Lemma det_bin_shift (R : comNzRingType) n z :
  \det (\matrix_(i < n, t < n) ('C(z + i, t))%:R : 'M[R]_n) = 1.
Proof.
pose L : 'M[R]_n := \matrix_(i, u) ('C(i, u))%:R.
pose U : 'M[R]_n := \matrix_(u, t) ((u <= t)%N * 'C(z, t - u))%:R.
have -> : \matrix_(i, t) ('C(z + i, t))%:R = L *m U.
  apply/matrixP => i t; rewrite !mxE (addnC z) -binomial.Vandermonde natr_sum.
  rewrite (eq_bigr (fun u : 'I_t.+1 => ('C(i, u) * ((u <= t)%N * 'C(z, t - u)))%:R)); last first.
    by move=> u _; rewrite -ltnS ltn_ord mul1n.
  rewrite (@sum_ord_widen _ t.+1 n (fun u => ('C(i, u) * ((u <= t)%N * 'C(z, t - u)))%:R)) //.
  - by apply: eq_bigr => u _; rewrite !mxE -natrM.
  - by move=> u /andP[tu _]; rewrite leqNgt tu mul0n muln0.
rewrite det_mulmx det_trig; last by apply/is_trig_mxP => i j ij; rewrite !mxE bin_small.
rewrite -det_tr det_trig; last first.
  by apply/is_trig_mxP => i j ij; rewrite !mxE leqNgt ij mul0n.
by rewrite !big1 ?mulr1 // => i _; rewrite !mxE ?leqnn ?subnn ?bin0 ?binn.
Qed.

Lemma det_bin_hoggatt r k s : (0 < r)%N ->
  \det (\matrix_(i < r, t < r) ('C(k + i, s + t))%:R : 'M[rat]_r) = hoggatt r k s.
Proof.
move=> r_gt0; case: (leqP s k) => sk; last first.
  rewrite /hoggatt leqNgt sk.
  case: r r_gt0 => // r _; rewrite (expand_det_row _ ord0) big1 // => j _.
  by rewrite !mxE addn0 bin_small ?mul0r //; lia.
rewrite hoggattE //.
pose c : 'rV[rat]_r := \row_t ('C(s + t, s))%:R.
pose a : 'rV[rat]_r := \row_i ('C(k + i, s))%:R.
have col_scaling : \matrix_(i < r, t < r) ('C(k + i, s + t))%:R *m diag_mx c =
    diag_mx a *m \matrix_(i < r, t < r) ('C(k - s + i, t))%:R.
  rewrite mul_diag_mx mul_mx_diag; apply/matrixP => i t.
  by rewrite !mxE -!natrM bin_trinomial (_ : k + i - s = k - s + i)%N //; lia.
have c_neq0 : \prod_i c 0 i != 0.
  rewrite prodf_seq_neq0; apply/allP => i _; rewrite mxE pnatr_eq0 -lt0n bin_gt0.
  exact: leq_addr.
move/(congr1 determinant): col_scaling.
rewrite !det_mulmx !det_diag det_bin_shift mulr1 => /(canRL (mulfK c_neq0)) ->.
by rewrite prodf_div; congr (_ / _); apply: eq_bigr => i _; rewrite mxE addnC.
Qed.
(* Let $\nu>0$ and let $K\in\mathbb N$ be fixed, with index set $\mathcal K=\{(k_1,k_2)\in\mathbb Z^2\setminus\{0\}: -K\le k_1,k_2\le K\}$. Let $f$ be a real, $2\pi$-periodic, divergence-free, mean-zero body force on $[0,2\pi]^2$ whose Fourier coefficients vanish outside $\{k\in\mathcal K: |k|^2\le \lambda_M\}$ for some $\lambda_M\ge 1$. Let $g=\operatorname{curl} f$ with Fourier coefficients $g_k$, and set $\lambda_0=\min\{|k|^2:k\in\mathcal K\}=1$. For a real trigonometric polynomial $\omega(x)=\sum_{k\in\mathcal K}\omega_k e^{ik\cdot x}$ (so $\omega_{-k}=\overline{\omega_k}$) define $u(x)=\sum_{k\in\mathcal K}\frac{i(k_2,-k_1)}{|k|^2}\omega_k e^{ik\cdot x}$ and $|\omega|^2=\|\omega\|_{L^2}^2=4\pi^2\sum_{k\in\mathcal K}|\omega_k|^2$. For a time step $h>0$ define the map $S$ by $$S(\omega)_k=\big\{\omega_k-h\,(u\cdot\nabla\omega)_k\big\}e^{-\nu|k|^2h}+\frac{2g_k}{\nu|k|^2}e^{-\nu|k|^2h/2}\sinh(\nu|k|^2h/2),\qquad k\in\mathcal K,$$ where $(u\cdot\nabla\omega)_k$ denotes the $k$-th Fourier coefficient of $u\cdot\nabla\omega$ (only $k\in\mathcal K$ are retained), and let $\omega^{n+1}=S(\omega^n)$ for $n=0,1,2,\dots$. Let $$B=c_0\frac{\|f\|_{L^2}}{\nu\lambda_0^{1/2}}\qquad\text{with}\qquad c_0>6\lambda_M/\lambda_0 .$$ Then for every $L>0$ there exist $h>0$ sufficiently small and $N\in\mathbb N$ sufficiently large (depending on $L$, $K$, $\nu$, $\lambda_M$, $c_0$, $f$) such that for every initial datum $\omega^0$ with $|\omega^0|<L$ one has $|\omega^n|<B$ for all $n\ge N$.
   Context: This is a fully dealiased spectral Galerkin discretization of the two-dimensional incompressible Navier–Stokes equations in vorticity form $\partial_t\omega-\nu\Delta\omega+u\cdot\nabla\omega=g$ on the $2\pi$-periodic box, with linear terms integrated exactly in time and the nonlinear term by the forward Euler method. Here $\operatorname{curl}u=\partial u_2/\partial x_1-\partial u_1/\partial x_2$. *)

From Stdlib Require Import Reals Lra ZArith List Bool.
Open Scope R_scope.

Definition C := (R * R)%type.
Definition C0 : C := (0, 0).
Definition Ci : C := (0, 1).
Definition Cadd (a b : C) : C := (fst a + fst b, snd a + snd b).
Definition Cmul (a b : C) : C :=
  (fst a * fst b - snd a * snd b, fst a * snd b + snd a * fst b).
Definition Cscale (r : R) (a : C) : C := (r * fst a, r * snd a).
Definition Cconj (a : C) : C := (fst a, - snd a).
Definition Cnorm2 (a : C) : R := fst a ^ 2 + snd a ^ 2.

▶ [WHAT YOU WILL DO]:
Every line above carrying the word "case" needs to be shown.

▶ [ANSWER BOX]:
move=> r_gt0; case: (leqP s k) => sk; last first.
  case: r r_gt0 => // r _; rewrite (expand_det_row _ ord0) big1 // => j _.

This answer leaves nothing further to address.